Experience has shown that optimization of functionals over admissible sets of functions made up of linear combinations of relatively few basis functions with a simple structure and depending nonlinearly on a set of “inner” parameters (e.g., feedforward neural networks with one hidden layer and linear output activation units) often provides surprisingly good suboptimal solutions. In such approximation schemes, each function depends on both external parameters (the coefficients of the linear combination) and inner parameters (the ones inside the basis functions). These are examples of variable-basis approximators since the basis functions are not fixed but their choice depends on the one of the inner parameters. In contrast, classical approximation schemes (such as the Ritz method in the calculus of variations [1]) do not use inner parameters but employ fixed basis functions, and the corresponding approximators exhibit only a linear dependence on the external parameters. Then, they are called fixed-basis or linear approximators. In [2], certain variable-basis approximators were applied to obtain approximate solutions to functional optimization problems. This technique was later formalized as the extended Ritz method (ERIM) [3] and was motivated by the innovative and successful application of feedforward neural networks in the late 80 s. For experimental results and theoretical investigations about the ERIM, see [2–7] and the references therein.

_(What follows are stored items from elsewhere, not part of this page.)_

(* Let $n\ge2$ and $\Delta\subset B_n$ a proper ideal. Then for $0\le i\le n-1$, $$h_i(\mathrm{Bier}(B_n,\Delta))=\#\{(A;x) \text{ facet of } \mathrm{Bier}(B_n,\Delta) : |A\cap(x,n]|+|[1,x)\setminus A|=i\}.$$ Equivalently (reversing the order of the ground set), $h_i(\mathrm{Bier}(B_n,\Delta))=\#\{(A;x): |A\cap[1,x)|+|(x,n]\setminus A|=i\}$.
   Context: $B_n$ is the Boolean lattice of subsets of $[1,n]=\{1,\dots,n\}$; $(x,n]=\{x+1,\dots,n\}$, $[1,x)=\{1,\dots,x-1\}$. A proper ideal $\Delta\subset B_n$ is a nonempty family of subsets of $[1,n]$ closed under taking subsets with $[1,n]\notin\Delta$. The Bier sphere $\mathrm{Bier}(B_n,\Delta)$ is the simplicial complex whose faces are the pairs $(B,C)$ with $B\subsetneq C\subseteq[1,n]$, $B\in\Delta$, $C\notin\Delta$, with $(B',C')$ a face of $(B,C)$ iff $B'\subseteq B$ and $C\subseteq C'$; the face $(B,C)$ has $|B|+n-|C|$ vertices (the empty face is $(\emptyset,[1,n])$). Its facets are $(A;x):=(A,A\cup\{x\})$ with $A\in\Delta$, $x\notin A$, $A\cup\{x\}\notin\Delta$, each with $n-1$ vertices. For a simplicial complex $\Gamma$ all of whose facets have $n-1$ vertices, $f_j(\Gamma)$ is the number of faces with $j$ vertices ($f_0=1$) and $h_i(\Gamma):=\sum_{j=0}^{n-1}(-1)^{i+j}\binom{n-1-j}{n-1-i}f_j(\Gamma)$ for $0\le i\le n-1$, $h_i:=0$ otherwise. *)

(* Ground set [1,n] is modelled by 'I_n (element k : 'I_n
   stands for k+1); the order is preserved, so (x,n] = [set y : 'I_n | x < y] and
   [1,x) = [set y : 'I_n | y < x]. *)
From mathcomp Require Import all_boot all_order all_algebra.
Set Implicit Arguments. Unset Strict Implicit. Unset Printing Implicit Defensive.
Import GRing.Theory Num.Theory.
(* Let $N\in\mathbb{N}$ with $N>1$ and $0\le\mu<L<\infty$, and let $(\tau,\{\beta_{i,j}\},\{\lambda_{i,j}\})$ be an optimal solution of problem (Minimax-R) described in the context. Then: (i) for $0\le i<N-1$, if $\lambda_{i,i+1}=0$ then $\beta_{i,j}=0$ for all $j$; (ii) if $\lambda_{N-1,\star}=0$ then $\beta_{N-1,j}=0$ for all $j$; (iii) defining $\alpha_{i,j}=0$ if $\beta_{i,j}=0$, and otherwise $\alpha_{i,j}=\beta_{i,j}/\lambda_{i,i+1}$ for $1\le i<N-1$, $\alpha_{N-1,j}=\beta_{N-1,j}/\lambda_{N-1,\star}$, $\alpha_{N,j}=\beta_{N,j}$, the method generating iterates by $w_k-w_\star=(w_0-w_\star)(1-\frac{\mu}{L}\sum_{i=0}^{k-1}\alpha_{k,i})-\sum_{i=0}^{k-1}\frac{\alpha_{k,i}}{L}\nabla\tilde f(w_i)$, $k=1,\dots,N$, with $\tilde f(x)=f(x)-\frac\mu2\|x-w_\star\|^2$, satisfies $\|w_N-w_\star\|^2\le\tau\|w_0-w_\star\|^2$ for any $d\in\mathbb{N}$, $w_0\in\mathbb{R}^d$, $f\in\mathcal{F}_{\mu,L}(\mathbb{R}^d)$ and $w_\star\in\arg\min f$.
   Context: $\mathcal{F}_{\mu,L}(\mathbb{R}^d)$ denotes the set of proper closed convex functions $f:\mathbb{R}^d\to\mathbb{R}$ such that for all $x,y$: $f(x)\le f(y)+\langle\nabla f(y);x-y\rangle+\frac L2\|x-y\|^2$ and $f(x)\ge f(y)+\langle\nabla f(y);x-y\rangle+\frac\mu2\|x-y\|^2$. Let $\mathbf{w}_0=e_1\in\mathbb{R}^{N+1}$, $\mathbf{g}_i=e_{i+2}\in\mathbb{R}^{N+1}$, $\mathbf{f}_i=e_{i+1}\in\mathbb{R}^N$ ($i=0,\dots,N-1$). Problem (Minimax-R): variables $\tau\in\mathbb{R}$; $\lambda_{i,i+1}\ge0$ ($i=0,\dots,N-2$), $\lambda_{\star,i}\ge0$ ($i=0,\dots,N-1$), $\lambda_{N-1,\star}\ge0$; $\beta_{i,j}\in\mathbb{R}$ ($1\le i\le N$, $0\le j\le i-1$). Minimize $\tau$ subject to $\begin{pmatrix}S''&\mathbf{w}_N\\\mathbf{w}_N^\top&1\end{pmatrix}\succeq0$ and $\sum_{i=0}^{N-2}\lambda_{i,i+1}(\mathbf{f}_{i+1}-\mathbf{f}_i)+\sum_{i=0}^{N-1}\lambda_{\star,i}\mathbf{f}_i-\lambda_{N-1,\star}\mathbf{f}_{N-1}=0$, where $\mathbf{w}_N=\mathbf{w}_0(1-\frac{\mu}{L}\sum_{i=0}^{N-1}\beta_{N,i})-\sum_{i=0}^{N-1}\frac{\beta_{N,i}}{L}\mathbf{g}_i$ and, writing $\mathrm{sym}(a,b)=\frac12(ab^\top+ba^\top)$ and empty sums as $0$, $S''=\frac{1}{2(L-\mu)}\big(\lambda_{N-1,\star}\mathbf{g}_{N-1}\mathbf{g}_{N-1}^\top+\sum_{i=0}^{N-1}\lambda_{\star,i}\mathbf{g}_i\mathbf{g}_i^\top+\sum_{i=0}^{N-2}\lambda_{i,i+1}(\mathbf{g}_i-\mathbf{g}_{i+1})(\mathbf{g}_i-\mathbf{g}_{i+1})^\top\big)-\lambda_{\star,0}\mathrm{sym}(\mathbf{g}_0,\mathbf{w}_0)-\sum_{i=1}^{N-2}\big(\lambda_{i,i+1}-\frac{\mu}{L}\sum_{j=0}^{i-1}\beta_{i,j}\big)\mathrm{sym}(\mathbf{g}_i,\mathbf{w}_0)+\sum_{i=1}^{N-2}\sum_{j=0}^{i-1}\frac{\beta_{i,j}}{L}\mathrm{sym}(\mathbf{g}_i,\mathbf{g}_j)-\big(\lambda_{N-1,\star}-\frac{\mu}{L}\sum_{j=0}^{N-2}\beta_{N-1,j}\big)\mathrm{sym}(\mathbf{g}_{N-1},\mathbf{w}_0)+\sum_{j=0}^{N-2}\frac{\beta_{N-1,j}}{L}\mathrm{sym}(\mathbf{g}_{N-1},\mathbf{g}_j)+\sum_{i=0}^{N-2}\big(\lambda_{i,i+1}-\frac{\mu}{L}\sum_{j=0}^{i-1}\beta_{i,j}\big)\mathrm{sym}(\mathbf{g}_{i+1},\mathbf{w}_0)-\sum_{i=0}^{N-2}\sum_{j=0}^{i-1}\frac{\beta_{i,j}}{L}\mathrm{sym}(\mathbf{g}_{i+1},\mathbf{g}_j)+\tau\mathbf{w}_0\mathbf{w}_0^\top$. *)

From HB Require Import structures.
From mathcomp Require Import all_boot all_order all_algebra all_classical all_reals all_analysis.
Set Implicit Arguments. Unset Strict Implicit. Unset Printing Implicit Defensive.
Import Order.TTheory GRing.Theory Num.Theory numFieldTopology.Exports numFieldNormedType.Exports.
Local Open Scope ring_scope.

Section Defs.
Variable R : realType.

(** Standard basis column vector e_{k+1} (0-based index k) of R^n. *)
Definition evec (n k : nat) : 'cV[R]_n := \col_(r < n) ((r : nat) == k)%:R.

Definition symm (n : nat) (a b : 'cV[R]_n) : 'M[R]_n :=
  2^-1 *: (a *m b^T + b *m a^T).

Definition psd (n : nat) (A : 'M[R]_n) : Prop :=
  A^T = A /\ forall x : 'cV[R]_n, 0 <= (x^T *m A *m x) 0 0.

(** Data of (Minimax-R):
    lnext i = lambda_{i,i+1} (0 <= i <= N-2), lstar i = lambda_{*,i} (0 <= i <= N-1),
    llast = lambda_{N-1,*}, beta i j = beta_{i,j} (1 <= i <= N, 0 <= j <= i-1).
    Values of lnext, lstar, beta outside these index ranges are irrelevant. *)
Section Minimax.
Variables (N : nat) (mu L tau : R) (lnext lstar : nat -> R) (llast : R)
          (beta : nat -> nat -> R).

Definition w0v : 'cV[R]_N.+1 := evec N.+1 0.
Definition gv (i : nat) : 'cV[R]_N.+1 := evec N.+1 i.+1.
Definition fv (i : nat) : 'cV[R]_N := evec N i.

Definition wNv : 'cV[R]_N.+1 :=
  (1 - mu / L * \sum_(i < N) beta N i) *: w0v
  - \sum_(i < N) (beta N i / L) *: gv i.

Definition Spp : 'M[R]_N.+1 :=
  (2 * (L - mu))^-1 *:
    (llast *: (gv N.-1 *m (gv N.-1)^T)
     + \sum_(i < N) lstar i *: (gv i *m (gv i)^T)
     + \sum_(i < N.-1) lnext i *: ((gv i - gv i.+1) *m (gv i - gv i.+1)^T))
  - lstar 0 *: symm (gv 0) w0v
  - \sum_(1 <= i < N.-1) (lnext i - mu / L * \sum_(j < i) beta i j) *: symm (gv i) w0v
  + \sum_(1 <= i < N.-1) \sum_(j < i) (beta i j / L) *: symm (gv i) (gv j)
  - (llast - mu / L * \sum_(j < N.-1) beta N.-1 j) *: symm (gv N.-1) w0v
  + \sum_(j < N.-1) (beta N.-1 j / L) *: symm (gv N.-1) (gv j)
  + \sum_(i < N.-1) (lnext i - mu / L * \sum_(j < i) beta i j) *: symm (gv i.+1) w0v
  - \sum_(i < N.-1) \sum_(j < i) (beta i j / L) *: symm (gv i.+1) (gv j)
  + tau *: (w0v *m w0v^T).

Definition LMI : 'M[R]_(N.+1 + 1) :=
  block_mx Spp wNv wNv^T (1%:M : 'M[R]_1).

Definition lin_constraint : 'cV[R]_N :=
  \sum_(i < N.-1) lnext i *: (fv i.+1 - fv i)
  + \sum_(i < N) lstar i *: fv i
  - llast *: fv N.-1.

Definition feasible : Prop :=
  (forall i : nat, (i.+2 <= N)%N -> 0 <= lnext i) /\
  (forall i : nat, (i < N)%N -> 0 <= lstar i) /\
  0 <= llast /\
  psd LMI /\
  lin_constraint = 0.

Definition alpha (k j : nat) : R :=
  if beta k j == 0 then 0
  else if k == N then beta k j
  else if k == N.-1 then beta k j / llast
  else beta k j / lnext k.

End Minimax.

Definition optimal (N : nat) (mu L tau : R) (lnext lstar : nat -> R) (llast : R)
    (beta : nat -> nat -> R) : Prop :=
  feasible N mu L tau lnext lstar llast beta /\
  forall (tau' : R) (lnext' lstar' : nat -> R) (llast' : R) (beta' : nat -> nat -> R),
    feasible N mu L tau' lnext' lstar' llast' beta' -> tau <= tau'.

Definition dotv (d : nat) (a b : 'cV[R]_d) : R := (a^T *m b) 0 0.
Definition sqnorm (d : nat) (a : 'cV[R]_d) : R := dotv a a.

Definition is_gradient (d : nat) (f : 'cV[R]_d -> R) (grad : 'cV[R]_d -> 'cV[R]_d) : Prop :=
  forall x : 'cV[R]_d,
    differentiable (f : 'cV[R]_d -> R^o) x /\
    ('d (f : 'cV[R]_d -> R^o) x : 'cV[R]_d -> R^o) = (fun h => dotv (grad x) h).

Definition in_FmuL (mu L : R) (d : nat) (f : 'cV[R]_d -> R) (grad : 'cV[R]_d -> 'cV[R]_d) : Prop :=
  is_gradient f grad /\
  (forall (x y : 'cV[R]_d) (t : R), 0 <= t <= 1 ->
      f (t *: x + (1 - t) *: y) <= t * f x + (1 - t) * f y) /\
  (forall x y : 'cV[R]_d,
      f x <= f y + dotv (grad y) (x - y) + L / 2 * sqnorm (x - y)) /\
  (forall x y : 'cV[R]_d,
      f x >= f y + dotv (grad y) (x - y) + mu / 2 * sqnorm (x - y)).

Definition is_argmin (d : nat) (f : 'cV[R]_d -> R) (ws : 'cV[R]_d) : Prop :=
  forall x : 'cV[R]_d, f ws <= f x.

End Defs.
Lemma sum4B (I J K L : finType) (F G : I -> J -> K -> L -> R) :
  \sum_i \sum_j \sum_k \sum_l (F i j k l - G i j k l) =
  \sum_i \sum_j \sum_k \sum_l F i j k l - \sum_i \sum_j \sum_k \sum_l G i j k l.
Proof.
rewrite -sumrB; apply: eq_bigr => i _; rewrite -sumrB; apply: eq_bigr => j _.
rewrite -sumrB; apply: eq_bigr => k _; exact: sumrB.
Qed.

Lemma sum4Mr (I J K L : finType) (c : R) (F : I -> J -> K -> L -> R) :
  \sum_i \sum_j \sum_k \sum_l (c * F i j k l) = c * \sum_i \sum_j \sum_k \sum_l F i j k l.
Proof.
rewrite mulr_sumr; apply: eq_bigr => i _; rewrite mulr_sumr; apply: eq_bigr => j _.
rewrite mulr_sumr; apply: eq_bigr => k _; by rewrite mulr_sumr.
Qed.

Lemma sum4_swap_opp (I J K L : finType) (u : I -> J -> R) (v : K -> L -> R)
    (F : K -> L -> I -> J -> R) :
  \sum_i \sum_j \sum_k \sum_l u i j * v k l * - F k l i j
  = - \sum_k \sum_l \sum_i \sum_j v k l * u i j * F k l i j.
Proof. rewrite sum4_swap_pairs -[RHS]mulN1r -sum4Mr; do 4! (apply: eq_bigr => ? _); ring. Qed.
End IteratedSums.
Arguments sum4_swap_opp {R I J K L} u v F.

Section CoordinateBlocks.
Variables (R : fieldType) (n d : nat).
Local Notation crd := (Defs.coord n d).

Lemma sum_pair (K L : finType) (F : K * L -> R) : \sum_p F p = \sum_i \sum_j F (i, j).
Proof. by rewrite pair_big; apply: eq_bigr => [[]]. Qed.

Lemma sum_coord (F : crd -> R) :
  \sum_c F c = \sum_i \sum_j F (inl (inl (i, j))) + \sum_i \sum_j F (inl (inr (i, j)))
             + \sum_a \sum_j F (inr (inl (a, j))) + \sum_a \sum_k F (inr (inr (a, k))).
Proof. by rewrite /Defs.coord !big_sumType !sum_pair /= addrA. Qed.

The basic motivation to search for suboptimal solutions of these forms is quite intuitive: when the number of basis functions becomes sufficiently large, the convergence of the sequence of suboptimal solutions to an optimal one may be ensured by suitable properties of the set of basis functions, the admissible set of functions, and the functional to be optimized [1, 5, 8]. Computational feasibility requirements (i.e., memory occupancy and time needed to find sufficiently good values for the parameters) make it crucial to estimate the minimum number of computational units needed by an approximator to guarantee that suboptimal solutions are “sufficiently close” to an optimal one. Such a number plays the role of “model complexity” of the approximator and can be studied with tools from linear and nonlinear approximation theory [9, 10].
As compared to fixed-basis approximators, in variable-basis ones the nonlinearity of the parametrization of the variable basis functions may cause the loss of useful properties of best approximation operators [11], such as uniqueness, homogeneity, and continuity, but may allow improved rates of approximation or approximate optimization [9, 12–14]. Then, to justify the use of variable-basis schemes instead of fixed-basis ones, it is crucial to investigate families of function-approximation and functional optimization problems for which, for a given desired accuracy, variable-basis schemes require a smaller number of computational units than fixed-basis ones. This is the aim of this work.
In the paper, the approximate solution of certain function-approximation and functional optimization problems via fixed- and variable-basis schemes is investigated. In particular, families of problems are presented, for which variable-basis schemes of a certain kind perform better than any fixed-basis one, in terms of the minimum number of computational units needed to achieve a desired worst-case error. Propositions 2.4, 2.7, 2.8, and 3.2 are the main contributions, which are presented after the exposition of results available in the literature.
The paper is organized as follows. Section 2 compares variable- and fixed-basis approximation schemes for function-approximation problems, which are particular instances of functional optimization. Section 3 extends the estimates to some more general families of functional optimization problems through the concepts of modulus of continuity and modulus of convexity of a functional. Section 4 is a short discussion.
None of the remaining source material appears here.